(Extracted data entries)
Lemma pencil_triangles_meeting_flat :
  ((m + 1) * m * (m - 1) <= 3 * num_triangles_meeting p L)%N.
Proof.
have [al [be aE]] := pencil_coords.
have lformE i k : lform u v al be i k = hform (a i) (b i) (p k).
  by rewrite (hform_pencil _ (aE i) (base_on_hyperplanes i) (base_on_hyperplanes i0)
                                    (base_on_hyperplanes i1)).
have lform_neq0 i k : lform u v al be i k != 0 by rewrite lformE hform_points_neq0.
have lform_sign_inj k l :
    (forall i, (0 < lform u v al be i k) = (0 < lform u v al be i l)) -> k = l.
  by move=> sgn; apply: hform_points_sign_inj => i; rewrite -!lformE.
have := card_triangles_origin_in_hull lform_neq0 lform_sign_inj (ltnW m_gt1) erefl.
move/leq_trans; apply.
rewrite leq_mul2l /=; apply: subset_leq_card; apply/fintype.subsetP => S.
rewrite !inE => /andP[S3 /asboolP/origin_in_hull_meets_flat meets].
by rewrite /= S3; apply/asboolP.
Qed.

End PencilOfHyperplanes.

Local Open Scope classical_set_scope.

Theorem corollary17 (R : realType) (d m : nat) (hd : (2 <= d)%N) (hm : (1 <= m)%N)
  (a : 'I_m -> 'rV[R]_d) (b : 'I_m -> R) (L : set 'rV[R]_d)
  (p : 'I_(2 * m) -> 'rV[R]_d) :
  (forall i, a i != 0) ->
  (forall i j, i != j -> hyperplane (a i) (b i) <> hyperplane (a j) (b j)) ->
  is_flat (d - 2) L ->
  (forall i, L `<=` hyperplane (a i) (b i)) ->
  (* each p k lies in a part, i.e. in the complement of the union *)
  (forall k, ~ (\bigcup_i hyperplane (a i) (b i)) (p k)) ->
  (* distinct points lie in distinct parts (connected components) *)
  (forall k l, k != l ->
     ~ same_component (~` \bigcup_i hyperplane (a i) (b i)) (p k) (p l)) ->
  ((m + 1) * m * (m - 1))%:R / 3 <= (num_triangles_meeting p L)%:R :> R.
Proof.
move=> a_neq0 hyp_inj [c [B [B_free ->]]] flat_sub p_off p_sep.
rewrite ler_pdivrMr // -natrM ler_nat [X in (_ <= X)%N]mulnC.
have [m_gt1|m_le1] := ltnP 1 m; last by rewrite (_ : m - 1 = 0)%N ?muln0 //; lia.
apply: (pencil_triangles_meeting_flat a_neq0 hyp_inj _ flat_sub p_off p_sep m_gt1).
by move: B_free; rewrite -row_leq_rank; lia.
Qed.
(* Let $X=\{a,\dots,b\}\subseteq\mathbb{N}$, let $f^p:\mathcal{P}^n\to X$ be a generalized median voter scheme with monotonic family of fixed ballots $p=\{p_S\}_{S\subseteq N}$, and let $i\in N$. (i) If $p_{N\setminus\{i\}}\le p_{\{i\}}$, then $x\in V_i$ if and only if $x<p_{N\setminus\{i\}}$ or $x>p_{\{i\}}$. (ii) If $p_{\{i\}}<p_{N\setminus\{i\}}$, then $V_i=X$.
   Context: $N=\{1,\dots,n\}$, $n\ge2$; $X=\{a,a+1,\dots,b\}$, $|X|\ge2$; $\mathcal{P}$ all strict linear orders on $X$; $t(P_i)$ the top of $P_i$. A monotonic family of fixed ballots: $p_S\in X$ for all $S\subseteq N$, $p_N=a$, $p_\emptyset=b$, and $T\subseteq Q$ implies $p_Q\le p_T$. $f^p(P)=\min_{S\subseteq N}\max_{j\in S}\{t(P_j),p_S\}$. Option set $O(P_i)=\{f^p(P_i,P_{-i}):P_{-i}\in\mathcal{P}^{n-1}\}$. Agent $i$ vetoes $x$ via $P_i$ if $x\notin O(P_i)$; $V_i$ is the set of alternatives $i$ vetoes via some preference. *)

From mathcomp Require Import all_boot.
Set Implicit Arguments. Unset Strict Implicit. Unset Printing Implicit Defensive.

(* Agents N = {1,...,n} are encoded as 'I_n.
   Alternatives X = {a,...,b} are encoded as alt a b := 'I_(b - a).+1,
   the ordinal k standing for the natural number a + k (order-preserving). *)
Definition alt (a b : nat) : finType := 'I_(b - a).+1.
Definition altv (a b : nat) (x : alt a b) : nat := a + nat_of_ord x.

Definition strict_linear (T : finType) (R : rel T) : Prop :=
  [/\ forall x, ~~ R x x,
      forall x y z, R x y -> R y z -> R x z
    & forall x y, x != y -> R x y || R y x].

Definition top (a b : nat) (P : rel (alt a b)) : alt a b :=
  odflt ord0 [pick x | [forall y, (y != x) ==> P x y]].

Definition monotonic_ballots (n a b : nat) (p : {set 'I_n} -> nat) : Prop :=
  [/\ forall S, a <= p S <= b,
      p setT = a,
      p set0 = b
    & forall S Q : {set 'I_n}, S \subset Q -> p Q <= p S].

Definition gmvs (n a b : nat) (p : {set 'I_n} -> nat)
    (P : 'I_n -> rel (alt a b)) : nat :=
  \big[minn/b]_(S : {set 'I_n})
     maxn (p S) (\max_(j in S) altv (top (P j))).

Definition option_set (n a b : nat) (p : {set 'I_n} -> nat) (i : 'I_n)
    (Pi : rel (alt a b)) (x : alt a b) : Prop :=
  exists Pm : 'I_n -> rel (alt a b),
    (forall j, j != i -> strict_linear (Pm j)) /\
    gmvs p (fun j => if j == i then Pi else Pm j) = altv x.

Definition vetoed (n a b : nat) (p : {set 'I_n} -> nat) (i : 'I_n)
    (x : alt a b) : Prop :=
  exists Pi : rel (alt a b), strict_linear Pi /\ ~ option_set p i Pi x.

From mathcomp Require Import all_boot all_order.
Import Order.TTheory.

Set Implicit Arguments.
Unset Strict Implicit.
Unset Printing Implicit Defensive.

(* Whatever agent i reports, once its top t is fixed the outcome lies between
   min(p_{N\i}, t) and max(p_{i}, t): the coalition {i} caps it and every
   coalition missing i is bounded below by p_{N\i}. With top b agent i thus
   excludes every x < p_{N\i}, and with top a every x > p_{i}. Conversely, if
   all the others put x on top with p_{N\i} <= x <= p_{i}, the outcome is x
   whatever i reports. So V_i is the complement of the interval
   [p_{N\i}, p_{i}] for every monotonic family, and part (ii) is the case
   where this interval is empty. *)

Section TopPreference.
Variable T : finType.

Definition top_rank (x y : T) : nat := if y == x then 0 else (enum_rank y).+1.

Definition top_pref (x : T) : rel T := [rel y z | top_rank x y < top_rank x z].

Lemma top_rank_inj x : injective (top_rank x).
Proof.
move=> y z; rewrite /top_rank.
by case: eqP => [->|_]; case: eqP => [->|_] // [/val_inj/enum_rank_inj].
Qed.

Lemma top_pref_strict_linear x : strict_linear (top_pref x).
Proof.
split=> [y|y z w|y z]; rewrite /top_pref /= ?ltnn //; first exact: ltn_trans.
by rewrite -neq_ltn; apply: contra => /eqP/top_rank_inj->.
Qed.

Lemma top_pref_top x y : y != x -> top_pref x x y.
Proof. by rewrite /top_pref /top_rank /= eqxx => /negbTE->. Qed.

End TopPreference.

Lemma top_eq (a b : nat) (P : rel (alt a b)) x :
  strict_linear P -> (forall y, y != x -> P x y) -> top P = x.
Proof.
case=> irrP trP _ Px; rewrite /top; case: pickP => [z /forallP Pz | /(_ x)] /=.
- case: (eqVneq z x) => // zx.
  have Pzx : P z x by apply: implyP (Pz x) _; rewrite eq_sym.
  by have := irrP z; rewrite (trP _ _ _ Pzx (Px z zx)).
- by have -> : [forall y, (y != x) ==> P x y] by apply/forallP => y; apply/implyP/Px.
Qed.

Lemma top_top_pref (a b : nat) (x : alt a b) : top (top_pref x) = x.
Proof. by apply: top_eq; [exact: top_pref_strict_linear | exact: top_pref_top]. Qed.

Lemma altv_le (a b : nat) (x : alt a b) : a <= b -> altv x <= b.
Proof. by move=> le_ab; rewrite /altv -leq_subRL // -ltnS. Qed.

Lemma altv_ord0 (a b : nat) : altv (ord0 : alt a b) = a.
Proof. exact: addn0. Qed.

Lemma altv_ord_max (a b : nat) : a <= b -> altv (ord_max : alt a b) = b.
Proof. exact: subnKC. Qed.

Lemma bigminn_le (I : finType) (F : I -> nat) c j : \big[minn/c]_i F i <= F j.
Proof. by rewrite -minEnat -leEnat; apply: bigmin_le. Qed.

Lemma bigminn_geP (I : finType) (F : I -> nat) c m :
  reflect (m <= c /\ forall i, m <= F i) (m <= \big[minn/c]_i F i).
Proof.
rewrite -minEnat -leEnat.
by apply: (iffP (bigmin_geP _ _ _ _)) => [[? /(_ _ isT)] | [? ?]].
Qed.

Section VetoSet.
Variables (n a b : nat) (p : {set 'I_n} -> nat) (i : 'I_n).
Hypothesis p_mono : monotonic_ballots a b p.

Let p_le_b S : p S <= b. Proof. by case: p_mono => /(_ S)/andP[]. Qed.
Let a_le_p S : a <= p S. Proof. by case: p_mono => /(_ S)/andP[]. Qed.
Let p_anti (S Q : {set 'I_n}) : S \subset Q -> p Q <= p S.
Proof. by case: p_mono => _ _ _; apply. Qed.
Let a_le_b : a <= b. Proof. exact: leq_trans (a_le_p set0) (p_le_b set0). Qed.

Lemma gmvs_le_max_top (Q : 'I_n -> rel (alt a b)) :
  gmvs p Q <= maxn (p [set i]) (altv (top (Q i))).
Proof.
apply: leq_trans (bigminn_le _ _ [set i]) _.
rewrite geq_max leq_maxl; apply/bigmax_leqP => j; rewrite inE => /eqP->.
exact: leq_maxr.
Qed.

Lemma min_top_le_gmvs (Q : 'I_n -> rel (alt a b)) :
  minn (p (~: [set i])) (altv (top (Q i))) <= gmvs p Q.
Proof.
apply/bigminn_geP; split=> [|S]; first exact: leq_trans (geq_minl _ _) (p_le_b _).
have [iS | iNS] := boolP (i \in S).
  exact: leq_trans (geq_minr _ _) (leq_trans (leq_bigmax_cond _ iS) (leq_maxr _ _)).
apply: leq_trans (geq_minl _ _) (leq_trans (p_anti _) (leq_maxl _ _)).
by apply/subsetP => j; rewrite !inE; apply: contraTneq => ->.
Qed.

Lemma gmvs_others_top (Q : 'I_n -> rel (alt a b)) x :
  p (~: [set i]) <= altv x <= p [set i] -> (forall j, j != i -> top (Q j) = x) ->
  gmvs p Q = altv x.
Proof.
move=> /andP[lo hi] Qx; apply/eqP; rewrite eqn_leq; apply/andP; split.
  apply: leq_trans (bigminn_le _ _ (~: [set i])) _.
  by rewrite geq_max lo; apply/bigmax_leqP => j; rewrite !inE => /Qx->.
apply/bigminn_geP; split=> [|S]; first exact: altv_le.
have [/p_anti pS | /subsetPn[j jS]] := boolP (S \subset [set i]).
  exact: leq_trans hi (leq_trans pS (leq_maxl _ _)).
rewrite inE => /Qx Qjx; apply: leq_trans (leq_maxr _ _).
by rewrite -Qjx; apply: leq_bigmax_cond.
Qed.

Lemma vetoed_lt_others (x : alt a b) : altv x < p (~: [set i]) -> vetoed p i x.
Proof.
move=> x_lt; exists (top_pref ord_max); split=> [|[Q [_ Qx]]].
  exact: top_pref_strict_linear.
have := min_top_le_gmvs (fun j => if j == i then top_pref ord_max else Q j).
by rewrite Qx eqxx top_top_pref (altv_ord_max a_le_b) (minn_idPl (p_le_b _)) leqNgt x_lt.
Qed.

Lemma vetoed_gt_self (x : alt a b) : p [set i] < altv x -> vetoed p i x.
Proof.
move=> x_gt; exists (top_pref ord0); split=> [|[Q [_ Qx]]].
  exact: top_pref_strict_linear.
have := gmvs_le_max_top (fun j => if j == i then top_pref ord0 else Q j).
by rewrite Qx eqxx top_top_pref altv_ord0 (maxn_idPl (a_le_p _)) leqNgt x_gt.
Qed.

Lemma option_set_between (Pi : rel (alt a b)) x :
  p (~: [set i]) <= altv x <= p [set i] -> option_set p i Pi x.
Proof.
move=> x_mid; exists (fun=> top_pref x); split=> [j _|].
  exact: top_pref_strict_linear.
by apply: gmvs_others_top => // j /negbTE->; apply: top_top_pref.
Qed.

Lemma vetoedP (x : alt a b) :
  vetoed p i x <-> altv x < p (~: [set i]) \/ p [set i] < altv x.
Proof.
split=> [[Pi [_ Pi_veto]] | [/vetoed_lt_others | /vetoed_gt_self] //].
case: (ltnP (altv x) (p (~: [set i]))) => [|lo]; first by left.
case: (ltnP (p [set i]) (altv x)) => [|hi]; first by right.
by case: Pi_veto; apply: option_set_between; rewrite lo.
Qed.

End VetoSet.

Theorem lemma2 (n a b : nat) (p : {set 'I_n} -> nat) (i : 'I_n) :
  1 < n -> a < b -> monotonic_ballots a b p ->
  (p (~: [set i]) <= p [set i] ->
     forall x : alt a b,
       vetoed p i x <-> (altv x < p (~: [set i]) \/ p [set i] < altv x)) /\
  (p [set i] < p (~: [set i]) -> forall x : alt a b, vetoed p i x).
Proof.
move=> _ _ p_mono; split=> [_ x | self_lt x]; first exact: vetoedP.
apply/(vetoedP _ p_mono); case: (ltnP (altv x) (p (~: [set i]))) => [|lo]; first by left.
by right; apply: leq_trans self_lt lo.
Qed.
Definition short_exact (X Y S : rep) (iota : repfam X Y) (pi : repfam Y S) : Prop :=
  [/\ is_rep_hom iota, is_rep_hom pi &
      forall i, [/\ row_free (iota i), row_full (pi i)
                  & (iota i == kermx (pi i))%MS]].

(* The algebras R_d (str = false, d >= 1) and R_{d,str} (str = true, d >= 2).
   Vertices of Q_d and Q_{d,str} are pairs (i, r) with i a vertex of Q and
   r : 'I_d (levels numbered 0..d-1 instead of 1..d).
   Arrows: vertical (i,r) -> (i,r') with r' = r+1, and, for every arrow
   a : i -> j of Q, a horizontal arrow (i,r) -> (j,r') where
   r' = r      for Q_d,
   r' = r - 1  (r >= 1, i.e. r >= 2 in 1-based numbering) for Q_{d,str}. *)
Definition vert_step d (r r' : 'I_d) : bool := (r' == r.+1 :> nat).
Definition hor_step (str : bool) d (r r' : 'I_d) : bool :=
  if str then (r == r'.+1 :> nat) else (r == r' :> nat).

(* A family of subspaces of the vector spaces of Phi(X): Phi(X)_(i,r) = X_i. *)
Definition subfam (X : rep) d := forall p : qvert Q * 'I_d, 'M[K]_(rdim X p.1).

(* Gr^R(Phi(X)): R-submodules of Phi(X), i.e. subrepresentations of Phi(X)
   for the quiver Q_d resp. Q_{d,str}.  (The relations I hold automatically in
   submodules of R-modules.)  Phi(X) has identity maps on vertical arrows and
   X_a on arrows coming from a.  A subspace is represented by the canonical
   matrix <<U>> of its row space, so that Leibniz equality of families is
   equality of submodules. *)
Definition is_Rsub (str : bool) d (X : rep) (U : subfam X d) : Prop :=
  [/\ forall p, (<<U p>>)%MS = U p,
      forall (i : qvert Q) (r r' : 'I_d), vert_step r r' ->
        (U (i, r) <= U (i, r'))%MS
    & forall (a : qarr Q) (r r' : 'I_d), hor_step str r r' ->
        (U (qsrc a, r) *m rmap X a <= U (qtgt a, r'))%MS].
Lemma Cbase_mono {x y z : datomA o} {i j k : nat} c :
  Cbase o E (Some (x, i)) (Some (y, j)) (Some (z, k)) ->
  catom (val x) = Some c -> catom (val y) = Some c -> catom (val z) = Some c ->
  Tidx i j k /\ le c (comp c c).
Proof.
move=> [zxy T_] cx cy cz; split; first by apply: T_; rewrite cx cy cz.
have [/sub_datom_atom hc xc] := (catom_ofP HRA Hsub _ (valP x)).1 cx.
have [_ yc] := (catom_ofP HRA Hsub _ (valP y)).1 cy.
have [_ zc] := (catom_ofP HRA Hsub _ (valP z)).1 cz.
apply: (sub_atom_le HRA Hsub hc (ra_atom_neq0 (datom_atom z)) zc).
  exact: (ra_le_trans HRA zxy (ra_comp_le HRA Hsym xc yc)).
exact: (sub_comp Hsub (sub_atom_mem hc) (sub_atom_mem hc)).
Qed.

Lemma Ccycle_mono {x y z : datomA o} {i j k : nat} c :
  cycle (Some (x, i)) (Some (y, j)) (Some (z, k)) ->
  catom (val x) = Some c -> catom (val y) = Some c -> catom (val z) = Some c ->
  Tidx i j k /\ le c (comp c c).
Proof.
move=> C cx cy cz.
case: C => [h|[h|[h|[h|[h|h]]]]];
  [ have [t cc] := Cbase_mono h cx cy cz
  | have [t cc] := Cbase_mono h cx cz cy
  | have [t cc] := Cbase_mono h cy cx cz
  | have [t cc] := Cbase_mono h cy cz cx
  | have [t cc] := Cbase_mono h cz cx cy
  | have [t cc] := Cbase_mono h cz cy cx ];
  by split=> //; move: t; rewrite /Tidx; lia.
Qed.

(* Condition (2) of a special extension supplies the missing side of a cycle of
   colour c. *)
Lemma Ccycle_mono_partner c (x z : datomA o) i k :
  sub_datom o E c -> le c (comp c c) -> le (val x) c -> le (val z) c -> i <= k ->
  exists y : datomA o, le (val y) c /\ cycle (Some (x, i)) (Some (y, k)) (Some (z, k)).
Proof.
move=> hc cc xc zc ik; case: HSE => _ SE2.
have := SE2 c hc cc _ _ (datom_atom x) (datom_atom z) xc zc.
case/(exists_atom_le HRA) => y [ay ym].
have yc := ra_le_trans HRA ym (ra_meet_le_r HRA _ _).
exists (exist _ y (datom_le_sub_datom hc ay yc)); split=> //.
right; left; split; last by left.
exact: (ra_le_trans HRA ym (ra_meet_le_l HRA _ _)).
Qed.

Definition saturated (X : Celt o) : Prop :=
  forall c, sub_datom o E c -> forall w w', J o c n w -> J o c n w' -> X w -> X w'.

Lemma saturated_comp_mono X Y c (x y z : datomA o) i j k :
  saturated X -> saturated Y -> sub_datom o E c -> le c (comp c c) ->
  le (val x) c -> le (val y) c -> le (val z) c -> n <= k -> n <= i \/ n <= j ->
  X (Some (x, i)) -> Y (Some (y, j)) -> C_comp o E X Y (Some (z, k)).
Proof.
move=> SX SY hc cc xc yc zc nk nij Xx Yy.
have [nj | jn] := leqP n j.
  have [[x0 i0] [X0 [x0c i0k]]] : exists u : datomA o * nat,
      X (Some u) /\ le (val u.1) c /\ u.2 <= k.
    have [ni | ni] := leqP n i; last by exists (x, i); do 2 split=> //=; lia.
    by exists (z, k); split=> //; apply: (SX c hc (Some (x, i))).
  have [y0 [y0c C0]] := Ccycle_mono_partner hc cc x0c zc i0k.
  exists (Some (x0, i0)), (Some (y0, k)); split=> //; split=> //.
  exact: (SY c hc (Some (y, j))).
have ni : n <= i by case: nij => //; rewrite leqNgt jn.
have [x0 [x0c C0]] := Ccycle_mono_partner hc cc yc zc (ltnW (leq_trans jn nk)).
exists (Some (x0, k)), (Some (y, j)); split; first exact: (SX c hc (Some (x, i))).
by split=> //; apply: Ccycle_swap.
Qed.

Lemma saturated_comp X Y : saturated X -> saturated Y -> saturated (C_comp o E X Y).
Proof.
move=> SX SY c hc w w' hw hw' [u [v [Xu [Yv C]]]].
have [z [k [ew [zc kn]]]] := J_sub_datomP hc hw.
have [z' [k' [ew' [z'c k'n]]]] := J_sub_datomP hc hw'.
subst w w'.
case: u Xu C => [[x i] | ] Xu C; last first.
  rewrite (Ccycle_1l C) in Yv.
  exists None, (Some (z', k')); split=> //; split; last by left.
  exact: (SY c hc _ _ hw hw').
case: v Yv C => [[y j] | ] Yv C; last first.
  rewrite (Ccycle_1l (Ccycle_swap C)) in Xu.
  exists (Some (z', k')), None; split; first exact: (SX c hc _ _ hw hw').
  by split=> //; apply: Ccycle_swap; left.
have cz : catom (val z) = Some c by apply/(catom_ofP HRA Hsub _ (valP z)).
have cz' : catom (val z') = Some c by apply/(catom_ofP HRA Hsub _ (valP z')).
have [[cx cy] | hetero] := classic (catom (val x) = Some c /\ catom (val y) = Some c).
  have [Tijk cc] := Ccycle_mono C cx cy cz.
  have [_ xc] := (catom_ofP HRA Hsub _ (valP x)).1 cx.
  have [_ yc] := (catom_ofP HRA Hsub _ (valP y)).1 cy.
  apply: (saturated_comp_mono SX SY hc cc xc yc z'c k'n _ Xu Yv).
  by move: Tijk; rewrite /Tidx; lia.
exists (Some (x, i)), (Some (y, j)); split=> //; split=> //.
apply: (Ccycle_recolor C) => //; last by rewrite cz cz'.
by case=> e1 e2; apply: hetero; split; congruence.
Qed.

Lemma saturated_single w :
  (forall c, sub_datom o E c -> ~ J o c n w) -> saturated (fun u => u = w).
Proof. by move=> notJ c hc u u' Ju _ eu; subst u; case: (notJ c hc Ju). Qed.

Task description
A single number is expected: the count of lines in the preceding entries that contain "ltnP".

Reply to the task
4